▶ _Dataset excerpts_

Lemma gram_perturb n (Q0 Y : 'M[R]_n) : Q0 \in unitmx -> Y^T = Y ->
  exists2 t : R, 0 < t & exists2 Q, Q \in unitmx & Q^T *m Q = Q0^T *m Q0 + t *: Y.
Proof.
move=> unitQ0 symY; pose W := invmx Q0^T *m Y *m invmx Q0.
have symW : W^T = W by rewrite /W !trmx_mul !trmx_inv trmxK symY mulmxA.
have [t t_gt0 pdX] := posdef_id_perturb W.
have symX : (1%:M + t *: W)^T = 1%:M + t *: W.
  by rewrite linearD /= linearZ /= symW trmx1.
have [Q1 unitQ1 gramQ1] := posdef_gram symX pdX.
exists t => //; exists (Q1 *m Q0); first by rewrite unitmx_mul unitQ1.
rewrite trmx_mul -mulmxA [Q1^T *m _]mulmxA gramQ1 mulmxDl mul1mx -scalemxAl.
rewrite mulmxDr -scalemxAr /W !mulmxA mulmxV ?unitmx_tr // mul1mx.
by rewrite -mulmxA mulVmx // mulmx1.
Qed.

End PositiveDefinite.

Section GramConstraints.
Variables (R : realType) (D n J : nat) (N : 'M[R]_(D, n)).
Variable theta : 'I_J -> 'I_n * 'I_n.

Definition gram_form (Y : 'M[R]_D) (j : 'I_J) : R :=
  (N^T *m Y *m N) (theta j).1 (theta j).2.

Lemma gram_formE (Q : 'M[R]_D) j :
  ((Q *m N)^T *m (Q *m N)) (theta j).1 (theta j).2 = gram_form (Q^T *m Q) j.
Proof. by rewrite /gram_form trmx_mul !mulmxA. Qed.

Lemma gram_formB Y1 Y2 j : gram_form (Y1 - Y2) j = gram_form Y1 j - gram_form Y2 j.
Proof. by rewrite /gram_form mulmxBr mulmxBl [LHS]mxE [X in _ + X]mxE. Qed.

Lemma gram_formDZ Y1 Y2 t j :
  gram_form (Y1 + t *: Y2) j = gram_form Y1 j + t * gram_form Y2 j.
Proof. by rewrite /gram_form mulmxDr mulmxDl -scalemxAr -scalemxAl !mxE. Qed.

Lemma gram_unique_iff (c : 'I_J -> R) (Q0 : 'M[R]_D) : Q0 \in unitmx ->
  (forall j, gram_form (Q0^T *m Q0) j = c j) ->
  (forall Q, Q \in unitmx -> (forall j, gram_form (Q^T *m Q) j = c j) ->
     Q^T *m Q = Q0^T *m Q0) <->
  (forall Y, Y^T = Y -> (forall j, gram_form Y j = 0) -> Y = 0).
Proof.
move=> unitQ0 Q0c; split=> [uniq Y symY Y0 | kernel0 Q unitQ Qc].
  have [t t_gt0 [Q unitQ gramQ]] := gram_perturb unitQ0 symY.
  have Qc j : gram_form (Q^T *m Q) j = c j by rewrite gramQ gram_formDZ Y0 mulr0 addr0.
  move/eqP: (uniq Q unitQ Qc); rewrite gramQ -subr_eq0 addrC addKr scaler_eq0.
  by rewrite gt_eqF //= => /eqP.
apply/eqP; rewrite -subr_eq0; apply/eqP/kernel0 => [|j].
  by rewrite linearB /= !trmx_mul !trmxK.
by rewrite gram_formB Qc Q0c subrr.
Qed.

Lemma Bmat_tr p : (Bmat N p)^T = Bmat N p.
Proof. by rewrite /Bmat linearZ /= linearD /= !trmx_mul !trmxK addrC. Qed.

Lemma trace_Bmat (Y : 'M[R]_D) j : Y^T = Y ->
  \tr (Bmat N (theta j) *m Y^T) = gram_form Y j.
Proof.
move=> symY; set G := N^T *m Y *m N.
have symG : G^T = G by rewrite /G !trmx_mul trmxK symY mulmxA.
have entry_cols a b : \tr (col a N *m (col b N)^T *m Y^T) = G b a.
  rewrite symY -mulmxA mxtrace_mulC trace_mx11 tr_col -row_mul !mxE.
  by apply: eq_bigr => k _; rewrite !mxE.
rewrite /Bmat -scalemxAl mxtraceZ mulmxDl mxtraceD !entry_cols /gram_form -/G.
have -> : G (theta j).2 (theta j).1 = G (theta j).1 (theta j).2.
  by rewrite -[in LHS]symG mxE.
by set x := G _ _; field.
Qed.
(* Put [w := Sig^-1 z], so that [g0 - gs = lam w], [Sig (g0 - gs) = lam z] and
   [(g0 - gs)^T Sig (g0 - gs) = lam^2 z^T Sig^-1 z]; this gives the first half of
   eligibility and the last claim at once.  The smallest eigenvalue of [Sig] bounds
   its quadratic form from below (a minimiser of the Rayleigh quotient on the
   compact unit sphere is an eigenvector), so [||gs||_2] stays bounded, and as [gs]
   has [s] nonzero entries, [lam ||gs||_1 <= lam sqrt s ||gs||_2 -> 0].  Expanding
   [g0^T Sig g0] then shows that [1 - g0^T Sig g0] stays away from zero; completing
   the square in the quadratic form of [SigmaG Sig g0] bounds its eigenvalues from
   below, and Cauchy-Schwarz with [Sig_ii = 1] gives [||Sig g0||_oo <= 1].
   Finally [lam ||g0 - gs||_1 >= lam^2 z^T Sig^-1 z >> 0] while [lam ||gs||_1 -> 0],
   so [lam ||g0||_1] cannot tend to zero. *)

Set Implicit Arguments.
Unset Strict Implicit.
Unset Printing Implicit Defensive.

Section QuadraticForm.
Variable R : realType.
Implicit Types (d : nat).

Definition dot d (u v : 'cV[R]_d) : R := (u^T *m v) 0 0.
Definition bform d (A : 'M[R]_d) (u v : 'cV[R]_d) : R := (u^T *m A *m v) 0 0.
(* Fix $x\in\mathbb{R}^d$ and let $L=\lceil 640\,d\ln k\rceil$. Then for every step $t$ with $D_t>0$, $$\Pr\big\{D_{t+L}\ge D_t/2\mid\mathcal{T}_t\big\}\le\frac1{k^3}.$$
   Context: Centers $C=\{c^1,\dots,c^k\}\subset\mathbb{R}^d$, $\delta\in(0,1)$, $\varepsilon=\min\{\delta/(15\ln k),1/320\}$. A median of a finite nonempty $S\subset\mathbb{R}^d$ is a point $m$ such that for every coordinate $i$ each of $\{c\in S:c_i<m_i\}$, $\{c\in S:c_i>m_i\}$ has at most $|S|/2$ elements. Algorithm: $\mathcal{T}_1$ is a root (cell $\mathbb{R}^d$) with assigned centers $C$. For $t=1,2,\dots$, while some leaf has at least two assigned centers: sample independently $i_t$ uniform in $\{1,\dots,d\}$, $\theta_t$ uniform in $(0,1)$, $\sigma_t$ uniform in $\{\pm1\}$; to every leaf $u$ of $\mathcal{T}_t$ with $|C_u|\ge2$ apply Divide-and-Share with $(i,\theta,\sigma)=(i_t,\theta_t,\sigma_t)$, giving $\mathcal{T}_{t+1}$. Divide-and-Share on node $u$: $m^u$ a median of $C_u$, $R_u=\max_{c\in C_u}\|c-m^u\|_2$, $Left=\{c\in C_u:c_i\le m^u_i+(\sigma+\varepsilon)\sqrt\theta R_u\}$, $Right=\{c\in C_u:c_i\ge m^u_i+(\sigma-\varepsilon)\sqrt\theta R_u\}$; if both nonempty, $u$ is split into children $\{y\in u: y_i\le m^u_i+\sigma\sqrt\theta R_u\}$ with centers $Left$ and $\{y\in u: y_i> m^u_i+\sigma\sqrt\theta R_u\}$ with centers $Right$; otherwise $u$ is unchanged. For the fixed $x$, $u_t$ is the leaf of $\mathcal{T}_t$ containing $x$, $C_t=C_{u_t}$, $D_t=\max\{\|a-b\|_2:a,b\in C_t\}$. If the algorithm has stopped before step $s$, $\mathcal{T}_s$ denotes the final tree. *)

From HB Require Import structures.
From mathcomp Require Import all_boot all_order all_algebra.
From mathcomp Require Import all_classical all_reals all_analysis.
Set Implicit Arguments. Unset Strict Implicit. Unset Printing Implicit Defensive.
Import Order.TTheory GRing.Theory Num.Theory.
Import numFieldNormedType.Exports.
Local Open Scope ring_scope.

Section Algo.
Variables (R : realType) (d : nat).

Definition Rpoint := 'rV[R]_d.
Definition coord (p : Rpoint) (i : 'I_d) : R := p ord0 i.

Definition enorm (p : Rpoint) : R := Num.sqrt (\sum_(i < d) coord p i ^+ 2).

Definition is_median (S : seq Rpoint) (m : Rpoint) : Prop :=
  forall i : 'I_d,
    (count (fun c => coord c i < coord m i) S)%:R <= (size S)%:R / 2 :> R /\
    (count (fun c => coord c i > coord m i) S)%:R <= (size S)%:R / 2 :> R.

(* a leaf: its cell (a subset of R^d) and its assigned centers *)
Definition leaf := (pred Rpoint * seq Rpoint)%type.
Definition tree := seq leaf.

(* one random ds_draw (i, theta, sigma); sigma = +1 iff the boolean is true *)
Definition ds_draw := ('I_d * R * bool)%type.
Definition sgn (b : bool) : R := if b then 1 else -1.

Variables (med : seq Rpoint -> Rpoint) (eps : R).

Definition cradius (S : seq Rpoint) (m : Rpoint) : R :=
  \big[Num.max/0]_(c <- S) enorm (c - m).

▶ _What is needed_
Reproduce exactly the lines from the beginning of the entries above up to and including the line that contains "move=> unitQ0 Q0c;".

▶ _Final answer_
Lemma gram_perturb n (Q0 Y : 'M[R]_n) : Q0 \in unitmx -> Y^T = Y ->
  exists2 t : R, 0 < t & exists2 Q, Q \in unitmx & Q^T *m Q = Q0^T *m Q0 + t *: Y.
Proof.
move=> unitQ0 symY; pose W := invmx Q0^T *m Y *m invmx Q0.
have symW : W^T = W by rewrite /W !trmx_mul !trmx_inv trmxK symY mulmxA.
have [t t_gt0 pdX] := posdef_id_perturb W.
have symX : (1%:M + t *: W)^T = 1%:M + t *: W.
  by rewrite linearD /= linearZ /= symW trmx1.
have [Q1 unitQ1 gramQ1] := posdef_gram symX pdX.
exists t => //; exists (Q1 *m Q0); first by rewrite unitmx_mul unitQ1.
rewrite trmx_mul -mulmxA [Q1^T *m _]mulmxA gramQ1 mulmxDl mul1mx -scalemxAl.
rewrite mulmxDr -scalemxAr /W !mulmxA mulmxV ?unitmx_tr // mul1mx.
by rewrite -mulmxA mulVmx // mulmx1.
Qed.

End PositiveDefinite.

Section GramConstraints.
Variables (R : realType) (D n J : nat) (N : 'M[R]_(D, n)).
Variable theta : 'I_J -> 'I_n * 'I_n.

Definition gram_form (Y : 'M[R]_D) (j : 'I_J) : R :=
  (N^T *m Y *m N) (theta j).1 (theta j).2.

Lemma gram_formE (Q : 'M[R]_D) j :
  ((Q *m N)^T *m (Q *m N)) (theta j).1 (theta j).2 = gram_form (Q^T *m Q) j.
Proof. by rewrite /gram_form trmx_mul !mulmxA. Qed.

Lemma gram_formB Y1 Y2 j : gram_form (Y1 - Y2) j = gram_form Y1 j - gram_form Y2 j.
Proof. by rewrite /gram_form mulmxBr mulmxBl [LHS]mxE [X in _ + X]mxE. Qed.

Lemma gram_formDZ Y1 Y2 t j :
  gram_form (Y1 + t *: Y2) j = gram_form Y1 j + t * gram_form Y2 j.
Proof. by rewrite /gram_form mulmxDr mulmxDl -scalemxAr -scalemxAl !mxE. Qed.

Lemma gram_unique_iff (c : 'I_J -> R) (Q0 : 'M[R]_D) : Q0 \in unitmx ->
  (forall j, gram_form (Q0^T *m Q0) j = c j) ->
  (forall Q, Q \in unitmx -> (forall j, gram_form (Q^T *m Q) j = c j) ->
     Q^T *m Q = Q0^T *m Q0) <->
  (forall Y, Y^T = Y -> (forall j, gram_form Y j = 0) -> Y = 0).
Proof.
move=> unitQ0 Q0c; split=> [uniq Y symY Y0 | kernel0 Q unitQ Qc].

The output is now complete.